Ongoing changes in climate (both in the means and the extremes) are increasingly challenging grapevine production in the province of South Tyrol (Italy). Here we ask the question whether sun-induced chlorophyll fluorescence (SIF) observed remotely from space can detect early warning signs of stress in grapevine and thus help guide mitigation measures.

Chlorophyll fluorescence refers to light absorbed by chlorophyll molecules that is re-emitted in the red to far-red wavelength region. Previous research at leaf and canopy scale indicated that SIF correlates with the plant photosynthetic uptake of carbon dioxide as it competes for the same energy pool.

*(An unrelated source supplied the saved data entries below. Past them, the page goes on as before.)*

Definition well_ordered_subset (S : X -> Prop) : Prop :=
  forall A : X -> Prop, (forall z, A z -> S z) -> (exists z, A z) ->
    exists m, A m /\ forall z, A z -> le m z.

(* basic open sets of the order topology: intervals with optional endpoints
   (None = unbounded): (a,b), (a,->), (<-,b), and the whole space *)
Definition ointerval (oa ob : option X) (z : X) : Prop :=
  match oa with None => True | Some a => lt a z end /\
  match ob with None => True | Some b => lt z b end.

Definition order_open (U : X -> Prop) : Prop :=
  forall x, U x -> exists oa ob, ointerval oa ob x /\
    forall z, ointerval oa ob z -> U z.

Definition order_closed (L : X -> Prop) : Prop :=
  order_open (fun x => ~ L x).

Definition order_compact : Prop :=
  forall (I : Type) (U : I -> X -> Prop),
    (forall i, order_open (U i)) ->
    (forall x, exists i, U i x) ->
    exists l : list I, forall x, exists i, In i l /\ U i x.

Definition rel_open (L U : X -> Prop) : Prop :=
  exists O, order_open O /\ forall x, U x <-> (L x /\ O x).

Definition hits (S : X -> Prop) (x y : X) : Prop :=
  exists z, S z /\ lt x z /\ le z y.

Definition is_metric (d : X -> X -> R) : Prop :=
  (forall x y, 0 <= d x y) /\
  (forall x y, d x y = 0 <-> x = y) /\
  (forall x y, d x y = d y x) /\
  (forall x y z, d x z <= d x y + d y z).

Definition reznichenko (d : X -> X -> R) : Prop :=
  forall x y, x <> y ->
    exists U V, order_open U /\ order_open V /\ U x /\ V y /\
      exists eps, 0 < eps /\ forall u v, U u -> V v -> eps <= d u v.

(* sup of d over U x U is < eps  <=>  bounded by some eps' < eps *)
Definition fragments (d : X -> X -> R) : Prop :=
  forall L : X -> Prop, order_closed L -> (exists x, L x) ->
  forall eps, 0 < eps ->
    exists U, rel_open L U /\ (exists x, U x) /\
      exists eps', eps' < eps /\ forall x y, U x -> U y -> d x y <= eps'.
End Defs.

Arguments le {X}.
Arguments strict_linear_order {X}.
Arguments well_ordered_subset {X}.
Arguments order_open {X}.
Arguments order_closed {X}.
Arguments order_compact {X}.
Arguments rel_open {X}.
Arguments hits {X}.
Arguments is_metric {X}.
Arguments reznichenko {X}.
Arguments fragments {X}.

Definition least_hit {X : Type} (lt : X -> X -> Prop) (T : nat -> X -> Prop)
  (x y : X) (n : nat) : Prop :=
  (1 <= n)%nat /\ hits lt (T n) x y /\
  forall m, (1 <= m)%nat -> hits lt (T m) x y -> (n <= m)%nat.

Definition d_spec {X : Type} (lt : X -> X -> Prop) (T : nat -> X -> Prop)
  (d : X -> X -> R) : Prop :=
  (forall x, d x x = 0) /\
  (forall x y, lt x y -> exists n, least_hit lt T x y n /\
     d x y = / INR n /\ d y x = / INR n).

From Stdlib Require Import Reals List Lra Lia Arith Wf_nat Classical ClassicalEpsilon.
Open Scope R_scope.

(* The argument rests on one observation about d: for x < y, d x y = 1/n where
   n is the least level whose points reach into ]x,y].  Hence
   - a point of T_k in ]u,v] forces d u v >= 1/k   (lower bound), and
   - no point of T_N in ]u,v] forces d u v <= 1/(N+1)   (upper bound).
   From the lower bound, d shrinks when ]u,v] shrinks, which yields the strong
   triangle inequality d x z <= max (d x y) (d y z): d is an ultrametric.
   Reznichenko's condition: two distinct points are separated by a point z of
   some T_k, and the neighbourhoods ]<-,z[ and "beyond z" stay 1/k apart.
   Fragmentability: given 1/(N+1) < eps and a nonempty L, the well order of
   T_N provides the least point a of T_N above some point of L; on ]<-,a[ no
   two points of L enclose a point of T_N, so d is at most 1/(N+1) there.
   The file first collects order-theoretic facts, then constructs d, then
   proves the three properties, and finally assembles the theorem. *)

Lemma least_nat (P : nat -> Prop) :
  (exists n, P n) -> exists n, P n /\ forall m, P m -> (n <= m)%nat.
Proof.
  intros HP.
  destruct (dec_inh_nat_subset_has_unique_least_element P (fun n => classic (P n)) HP)
    as [n [Hn _]].
  exists n; exact Hn.
Qed.

Lemma ointerval_open {X : Type} (lt : X -> X -> Prop) oa ob :
  order_open lt (ointerval X lt oa ob).
Proof. intros x Hx; exists oa, ob; split; auto. Qed.

Lemma small_level (eps : R) : 0 < eps ->
  exists N, (1 <= N)%nat /\ / INR (S N) < eps.
Proof.
  intros Heps.
  destruct (INR_archimed eps 1 Heps) as [n0 Hn0].
  exists (S n0); split; [lia|].
  assert (INR n0 <= INR (S (S n0))) by (apply le_INR; lia).
  assert (Hpos : 0 < INR (S (S n0))) by (apply lt_0_INR; lia).
  apply Rmult_lt_reg_l with (INR (S (S n0))); [exact Hpos|].
  rewrite Rinv_r; nra.
Qed.

Section LinearOrder.

Variable X : Type.
Variable lt : X -> X -> Prop.
Hypothesis Hlin : strict_linear_order lt.

Lemma lt_irrefl x : ~ lt x x.
Proof. apply Hlin. Qed.

Lemma lt_trans x y z : lt x y -> lt y z -> lt x z.
Proof. apply Hlin. Qed.

Lemma lt_trichotomy x y : lt x y \/ x = y \/ lt y x.
Proof. apply Hlin. Qed.

Lemma lt_asym x y : lt x y -> ~ lt y x.
Proof. intros h1 h2; exact (lt_irrefl x (lt_trans _ _ _ h1 h2)). Qed.

Lemma lt_le_trans x y z : lt x y -> le lt y z -> lt x z.
Proof. intros h [h'|h']; [eapply lt_trans; eauto|subst; auto]. Qed.

Lemma le_lt_trans x y z : le lt x y -> lt y z -> lt x z.
Proof. intros [h|h] h'; [eapply lt_trans; eauto|subst; auto]. Qed.

Lemma le_trans x y z : le lt x y -> le lt y z -> le lt x z.
Proof. intros [h|h] h'; [left; eapply lt_le_trans; eauto|subst; auto]. Qed.

Lemma not_lt_le x y : ~ lt y x -> le lt x y.
Proof.
  intros h; destruct (lt_trichotomy x y) as [h'|[h'|h']];
    [left|right|contradiction]; auto.
Qed.

Variable T : nat -> X -> Prop.

Section Construction.

Hypothesis Hdense : forall x y, lt x y ->
  hits lt (fun z => exists n, (1 <= n)%nat /\ T n z) x y.

Lemma least_hit_exists x y : lt x y -> exists n, least_hit lt T x y n.
Proof.
  intros hxy.
  destruct (Hdense x y hxy) as [z [[k [hk Tz]] [xz zy]]].
  destruct (least_nat (fun n => (1 <= n)%nat /\ hits lt (T n) x y))
    as [n [[hn1 hn2] hmin]].
  - exists k; split; [exact hk|exists z; auto].
  - exists n; split; [exact hn1|split; [exact hn2|auto]].
Qed.

Definition hit_level (x y : X) : nat :=
  epsilon (inhabits 0%nat) (least_hit lt T x y).

Definition hit_metric (x y : X) : R :=
  if excluded_middle_informative (lt x y) then / INR (hit_level x y)
  else if excluded_middle_informative (lt y x) then / INR (hit_level y x)
  else 0.

Lemma hit_metric_spec : d_spec lt T hit_metric.
Proof.
  split.
  - intros x; unfold hit_metric.
    destruct (excluded_middle_informative (lt x x)) as [h|h];
      [destruct (lt_irrefl x h)|reflexivity].
  - intros x y hxy; exists (hit_level x y); split.
    + exact (epsilon_spec _ _ (least_hit_exists x y hxy)).
    + unfold hit_metric.
      destruct (excluded_middle_informative (lt x y)) as [_|h]; [|contradiction].
      destruct (excluded_middle_informative (lt y x)) as [h|_];
        [destruct (lt_asym _ _ hxy h)|split; reflexivity].
Qed.

End Construction.

Section Properties.

Variable d : X -> X -> R.
Hypothesis Hd : d_spec lt T d.

Lemma d_diag x : d x x = 0.
Proof. apply Hd. Qed.

Lemma d_sym x y : d x y = d y x.
Proof.
  destruct (lt_trichotomy x y) as [h|[h|h]].
  - destruct (proj2 Hd x y h) as [n [_ [e1 e2]]]; lra.
  - subst; reflexivity.
  - destruct (proj2 Hd y x h) as [n [_ [e1 e2]]]; lra.
Qed.

Lemma d_lower u v k : lt u v -> (1 <= k)%nat -> hits lt (T k) u v ->
  / INR k <= d u v.
Proof.
  intros huv hk hhit.
  destruct (proj2 Hd u v huv) as [n [[hn [_ hmin]] [e _]]]; rewrite e.
  apply Rinv_le_contravar; [apply lt_0_INR; lia|apply le_INR; auto].
Qed.

Lemma d_lower_at u v k z : (1 <= k)%nat -> T k z -> lt u z -> le lt z v ->
  / INR k <= d u v.
Proof.
  intros hk Tz uz zv.
  apply d_lower; [eapply lt_le_trans; eauto|exact hk|exists z; auto].
Qed.

Lemma d_pos x y : lt x y -> 0 < d x y.
Proof.
  intros h; destruct (proj2 Hd x y h) as [n [[hn _] [e _]]]; rewrite e.
  apply Rinv_0_lt_compat, lt_0_INR; lia.
Qed.

Lemma d_nonneg x y : 0 <= d x y.
Proof.
  destruct (lt_trichotomy x y) as [h|[h|h]].
  - left; apply d_pos, h.
  - subst; rewrite d_diag; lra.
  - rewrite d_sym; left; apply d_pos, h.
Qed.

Lemma d_mono a b a' b' : lt a' b' -> le lt a a' -> le lt b' b -> d a' b' <= d a b.
Proof.
  intros h ha hb.
  destruct (proj2 Hd a' b' h) as [n [[hn [[z [Tz [a'z zb']]] _]] [e _]]]; rewrite e.
  apply (d_lower_at _ _ _ z); auto.
  - eapply le_lt_trans; eauto.
  - eapply le_trans; eauto.
Qed.

(* Splitting ]a,c] at b: the witness of d a c lies in ]a,b] or in ]b,c]. *)
Lemma d_split a b c : lt a b -> lt b c -> d a c <= d a b \/ d a c <= d b c.
Proof.
  intros hab hbc.
  destruct (proj2 Hd a c (lt_trans _ _ _ hab hbc))
    as [n [[hn [[z [Tz [az zc]]] _]] [e _]]]; rewrite e.
  destruct (lt_trichotomy b z) as [h|h].
  - right; apply (d_lower_at _ _ _ z); auto.
  - left; apply (d_lower_at _ _ _ z); auto.
    destruct h as [h|h]; [right; auto|left; auto].
Qed.

Lemma d_ultra_lt x y z : lt x z -> d x z <= Rmax (d x y) (d y z).
Proof.
  intros hxz.
  assert (Hmax1 := Rmax_l (d x y) (d y z)).
  assert (Hmax2 := Rmax_r (d x y) (d y z)).
  destruct (lt_trichotomy y x) as [h|[h|h]].
  - assert (d x z <= d y z) by (apply d_mono; auto; [left|right]; auto); lra.
  - subst; lra.
  - destruct (lt_trichotomy y z) as [h'|[h'|h']].
    + destruct (d_split x y z h h'); lra.
    + subst; lra.
    + assert (d x z <= d x y) by (apply d_mono; auto; [right|left]; auto); lra.
Qed.

Lemma d_ultra x y z : d x z <= Rmax (d x y) (d y z).
Proof.
  destruct (lt_trichotomy x z) as [h|[h|h]].
  - apply d_ultra_lt, h.
  - subst; rewrite d_diag; apply Rle_trans with (d z y);
      [apply d_nonneg|apply Rmax_l].
  - rewrite (d_sym x z), (d_sym x y), (d_sym y z), Rmax_comm.
    apply d_ultra_lt, h.
Qed.

Lemma d_is_metric : is_metric d.
Proof.
  split; [exact d_nonneg|split; [|split; [exact d_sym|]]].
  - intros x y; split; [|intros; subst; apply d_diag].
    intros e; destruct (lt_trichotomy x y) as [h|[h|h]]; auto.
    + pose proof (d_pos x y h); lra.
    + rewrite d_sym in e; pose proof (d_pos y x h); lra.
  - intros x y z.
    pose proof (d_ultra x y z); pose proof (d_nonneg x y); pose proof (d_nonneg y z).
    unfold Rmax in *; destruct (Rle_dec (d x y) (d y z)); lra.
Qed.

Hypothesis Hdense : forall x y, lt x y ->
  hits lt (fun z => exists n, (1 <= n)%nat /\ T n z) x y.

Lemma d_separates_lt x y : lt x y ->
  exists U V, order_open lt U /\ order_open lt V /\ U x /\ V y /\
    exists eps, 0 < eps /\ forall u v, U u -> V v -> eps <= d u v.
Proof.
  intros hxy.
  assert (Hk : forall k, (1 <= k)%nat -> 0 < / INR k)
    by (intros k hk; apply Rinv_0_lt_compat, lt_0_INR; lia).
  destruct (classic (exists w, lt x w /\ lt w y)) as [[w [xw wy]]|Hgap].
  - (* a level-k point z in ]x,w] splits the line into ]<-,z[ and ]z,->[ *)
    destruct (Hdense x w xw) as [z [[k [hk Tz]] [xz zw]]].
    exists (ointerval X lt None (Some z)), (ointerval X lt (Some z) None).
    split; [apply ointerval_open|split; [apply ointerval_open|]].
    split; [split; auto|split; [split; [eapply le_lt_trans; eauto|exact I]|]].
    exists (/ INR k); split; [auto|].
    intros u v [_ uz] [zv _]; apply (d_lower_at _ _ _ z); auto; left; auto.
  - (* x and y are neighbours: ]<-,y[ = ]<-,x] and ]x,->[ = [y,->[ *)
    destruct (Hdense x y hxy) as [z [[k [hk Tz]] [xz zy]]].
    exists (ointerval X lt None (Some y)), (ointerval X lt (Some x) None).
    split; [apply ointerval_open|split; [apply ointerval_open|]].
    split; [split; auto|split; [split; auto|]].
    exists (/ INR k); split; [auto|].
    intros u v [_ uy] [xv _].
    assert (hux : le lt u x) by (apply not_lt_le; intros h; apply Hgap; eauto).
    assert (hyv : le lt y v) by (apply not_lt_le; intros h; apply Hgap; eauto).
    apply (d_lower_at _ _ _ z); auto; [eapply le_lt_trans|eapply le_trans]; eauto.
Qed.

Lemma d_reznichenko : reznichenko lt d.
Proof.
  intros x y hxy; destruct (lt_trichotomy x y) as [h|[h|h]];
    [apply d_separates_lt, h|contradiction|].
  destruct (d_separates_lt y x h) as [U [V [oU [oV [Uy [Vx [eps [he hb]]]]]]]].
  exists V, U; do 4 (split; auto); exists eps; split; auto.
  intros u v Vu Uv; rewrite d_sym; auto.
Qed.

Hypothesis Hmono : forall n, (1 <= n)%nat -> forall z, T n z -> T (S n) z.

Lemma T_incr k j : (1 <= k)%nat -> (k <= j)%nat -> forall z, T k z -> T j z.
Proof.
  intros hk hkj; induction hkj; auto.
  intros z Tz; apply Hmono; [lia|auto].
Qed.

Lemma d_upper x y N : lt x y ->
  (forall t, T N t -> lt x t -> le lt t y -> False) -> d x y <= / INR (S N).
Proof.
  intros hxy hno.
  destruct (proj2 Hd x y hxy) as [n [[hn [[z [Tz [xz zy]]] _]] [e _]]]; rewrite e.
  destruct (le_lt_dec n N) as [hle|hlt].
  - destruct (hno z (T_incr n N hn hle z Tz) xz zy).
  - apply Rinv_le_contravar; [apply lt_0_INR; lia|apply le_INR; lia].
Qed.

Hypothesis Hwo : forall n, (1 <= n)%nat -> well_ordered_subset lt (T n).

Lemma level_gap (L : X -> Prop) N : (1 <= N)%nat -> (exists l, L l) ->
  exists O, order_open lt O /\ (exists x, L x /\ O x) /\
    forall x y t, L x -> O x -> L y -> O y -> T N t -> lt x t -> le lt t y -> False.
Proof.
  intros hN [l0 Ll0].
  destruct (classic (exists t, T N t /\ exists l, L l /\ lt l t)) as [H|H].
  - (* a = least point of level N above some point of L; take O = ]<-,a[ *)
    destruct (Hwo N hN (fun t => T N t /\ exists l, L l /\ lt l t)
                (fun z h => proj1 h) H) as [a [[Ta [l [Ll la]]] amin]].
    exists (ointerval X lt None (Some a)); split; [apply ointerval_open|split].
    + exists l; split; [exact Ll|split; [exact I|exact la]].
    + intros x y t Lx _ Ly [_ ya] Tt xt ty.
      assert (hat : le lt a t) by (apply amin; split; eauto).
      exact (lt_irrefl a (le_lt_trans _ _ _ (le_trans _ _ _ hat ty) ya)).
  - exists (ointerval X lt None None); split; [apply ointerval_open|split].
    + exists l0; split; [exact Ll0|split; exact I].
    + intros x y t Lx _ _ _ Tt xt _; apply H; eauto.
Qed.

To address this question, we use time series of two down-scaled SIF products (GOME-2 and OCO-2, 2007/14-2018) as well as the original OCO-2 data (2014-2019). As a benchmark, we use several vegetation indices related to canopy greenness, as well as a novel near-infrared radiation-based vegetation index (2000-2019). Meteorological data fields are used to explore possible weather-related causes for observed deviations in remote sensing data. Regional DOC grapevine census data (2000-2019) are used as a reference for the analyses.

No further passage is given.